Among the entries, which lines carry the string "Import"? Copy every one.
##### Record extracts
(* If $w\ne w'$, with $w,w'\in(0,1)$, the measures $\mu_w$ and $\mu_{w'}$ on $X$ are mutually singular.
   Context: Let $\{X_n\}_{n\ge0}$ be the sequence of metric graphs where $X_0$ is a single edge identified with $[0,1]$, and $X_{n+1}$ is obtained from $X_n$ by subdividing each edge of $X_n$ into four equal parts and replacing it by a rescaled copy of the diamond graph. This diamond graph consists of six edges of equal length: edge 1 (initial segment), then two parallel paths of two edges each, namely edges 2,3 (upper path) and edges 4,5 (lower path), then edge 6 (final segment). Each edge of $X_n$ has length $4^{-n}$; collapsing the diamond to a segment gives $1$-Lipschitz maps $\pi_{n+1,n}:X_{n+1}\to X_n$, which compose to maps $\pi_{n,k}:X_n\to X_k$ with $\pi_{k,m}\circ\pi_{n,k}=\pi_{n,m}$. With $X_n$ given the length distance, $X$ is the Gromov–Hausdorff limit of $\{X_n\}$, with $1$-Lipschitz maps $\pi_{\infty,n}:X\to X_n$ satisfying $\pi_{n,k}\circ\pi_{\infty,n}=\pi_{\infty,k}$. For $w\in(0,1)$, $\mu_w$ is the unique probability measure on $X$ such that: (R1) for each $n\ge0$, the pushforward of $\mu_w$ under $\pi_{\infty,n}$ is a probability measure $\mu_{w,n}$ on $X_n$; (R2) $\mu_{w,n}$ is a multiple of arclength on each edge of $X_n$, and $\mu_{w,0}$ is Lebesgue measure on $[0,1]$; (R3) for each edge $e_n$ of $X_n$, letting $e_{n+1,i}$ ($i=1,\dots,6$, labelled as in the diamond graph) be the edges of $X_{n+1}$ whose union is $\pi_{n+1,n}^{-1}(e_n)$, one has $\mu_{w,n+1}$ restricted to $e_{n+1,i}$ equal to $\mu_{w,n}(e_n)\,\mathcal{H}^1$ restricted to $e_{n+1,i}$ for $i=1,6$, to $w\,\mu_{w,n}(e_n)\,\mathcal{H}^1$ restricted to $e_{n+1,i}$ for $i=2,3$, and to $(1-w)\,\mu_{w,n}(e_n)\,\mathcal{H}^1$ restricted to $e_{n+1,i}$ for $i=4,5$, where $\mathcal{H}^1$ is $1$-dimensional Hausdorff measure. *)

From HB Require Import structures.
From mathcomp Require Import all_boot all_order all_algebra.
From mathcomp Require Import all_classical all_reals all_analysis.
Set Implicit Arguments. Unset Strict Implicit. Unset Printing Implicit Defensive.
Import Order.TTheory GRing.Theory Num.Theory.
Local Open Scope classical_set_scope.
Local Open Scope ring_scope.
##########
- _Answer for this exercise_:
From HB Require Import structures.
From mathcomp Require Import all_boot all_order all_algebra.
From mathcomp Require Import all_classical all_reals all_analysis.
Import Order.TTheory GRing.Theory Num.Theory.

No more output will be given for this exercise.